On Tue, Feb 28, 2017 at 08:42:19AM +0100, Artur Paszkiewicz wrote:
> 
> I'm observing the same thing when hibernating during mdraid resync on
> nvme - it hangs in blk_mq_freeze_queue_wait() after "Disabling non-boot
> CPUs ...".

The patch guarantees forward progress for blk-mq's hot-cpu notifier on
nvme request queues by failing all entered requests. It sounds like some
part of your setup needs those requests to succeed in order to hibernate.

If your mdraid uses a stacking request_queue that submits retries while
it's request queue is entered, that may explain how you remain stuck
at blk_mq_freeze_queue_wait.

> This patch did not help but when I put nvme_wait_freeze()
> right after nvme_start_freeze() it appeared to be working.
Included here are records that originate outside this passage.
Lemma continuous_Re_mul_expi q (f : R -> R) x :
  {for x, continuous f} -> {for x, continuous (fun s => Re (q * expi (f s)))}.
Proof.
move=> cf; rewrite (_ : (fun s => _) = fun s => Re q * cos (f s) - Im q * sin (f s)).
  apply: (continuousB (f := fun s => Re q * cos (f s))).
    apply: (continuousM (s := fun=> Re q)); first exact: cst_continuous.
    by apply: (continuous_comp (g := cos) cf); exact: continuous_cos.
  apply: (continuousM (s := fun=> Im q)); first exact: cst_continuous.
  by apply: (continuous_comp (g := sin) cf); exact: continuous_sin.
by apply/funext => s; rewrite Re_mul_expi.
Qed.

End ComplexExponential.

Ltac continuity :=
  lazymatch goal with |- forall _, _ => move=> ? | _ => idtac end;
  (* [cbv] turns {for x, continuous f} into continuous_at x f *)
  repeat (cbv beta delta [prop_for inPhantom]; match goal with
  | hc : continuous ?g |- continuous_at _ ?g => exact: hc
  | |- continuous_at _ (fun s => @?f s * @?g s) => apply: (continuousM (s := f) (t := g))
  | |- continuous_at _ (fun s => @?f s + @?g s) => apply: (continuousD (f := f) (g := g))
  | |- continuous_at _ (fun s => - @?f s) => apply: (continuousN (f := f))
  | |- continuous_at _ (fun s => @?f s ^+ ?n) =>
      apply: (continuous_comp (f := f) _ (@exprn_continuous _ n _))
  | |- continuous_at _ (fun s : ?T => `|@?f s|) =>
      apply: (continuous_comp (f := f) _ (@norm_continuous _ T^o _))
  | |- continuous_at _ (fun s => Re (?q * expi (@?f s))) =>
      apply: (continuous_Re_mul_expi (q := q) (f := f))
  | |- continuous_at _ (fun s => s) => exact: cvg_id
  | |- continuous_at _ (fun s => _) => exact: cst_continuous
  | |- continuous_at _ (fun s => ?h (@?f s)) =>
      apply: (continuous_comp (f := f) (g := h));
      [idtac | first [ exact: continuous_cos | exact: continuous_sin
                     | match goal with hc : continuous h |- _ => exact: hc end ]]
  end).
Maybe the
> difference here is that requests are submitted from a non-freezable
> kernel thread (md sync_thread)?

Wait freeze prior to quiescing the queue is ok when the controller is
functioning, but it'd be impossible to complete a reset if the controller
is in a failed or degraded state.

We probably want to give those requests a chance to succeed, and I think
we'd need to be able to timeout the freeze wait. Below are two patches
I tested. Prior to these, the fio test would report IO errors from some
of its jobs; no errors with these.
---
 block/blk-mq.c         | 9 +++++++++
 include/linux/blk-mq.h | 2 ++
 2 files changed, 11 insertions(+)

--

diff --git a/block/blk-mq.c b/block/blk-mq.c
index 8da2c04..a5e66a7 100644
--- a/block/blk-mq.c
+++ b/block/blk-mq.c
@@ -81,6 +81,15 @@ void blk_mq_freeze_queue_wait(struct request_queue *q)
 }
 EXPORT_SYMBOL_GPL(blk_mq_freeze_queue_wait);
 
+int blk_mq_freeze_queue_wait_timeout(struct request_queue *q,
+				     unsigned long timeout)
+{
+	return wait_event_timeout(q->mq_freeze_wq,
+					percpu_ref_is_zero(&q->q_usage_counter),
+					timeout);
+}
+EXPORT_SYMBOL_GPL(blk_mq_freeze_queue_wait_timeout);
+
 /*
  * Guarantee no request is in use, so we can change any data structure of
  * the queue afterward.
diff --git a/include/linux/blk-mq.h b/include/linux/blk-mq.h
index 8dacf68..b296a90 100644
--- a/include/linux/blk-mq.h
+++ b/include/linux/blk-mq.h
@@ -246,6 +246,8 @@ void blk_mq_freeze_queue(struct request_queue *q);
 void blk_mq_unfreeze_queue(struct request_queue *q);
 void blk_mq_freeze_queue_start(struct request_queue *q);
 void blk_mq_freeze_queue_wait(struct request_queue *q);
+int blk_mq_freeze_queue_wait_timeout(struct request_queue *q,
+				     unsigned long timeout);
 int blk_mq_reinit_tagset(struct blk_mq_tag_set *set);
 
 int blk_mq_map_queues(struct blk_mq_tag_set *set);
-- 

---
 drivers/nvme/host/core.c | 14 ++++++++++++++
 drivers/nvme/host/nvme.h |  1 +
 drivers/nvme/host/pci.c  | 18 ++++++++++++++----
 3 files changed, 29 insertions(+), 4 deletions(-)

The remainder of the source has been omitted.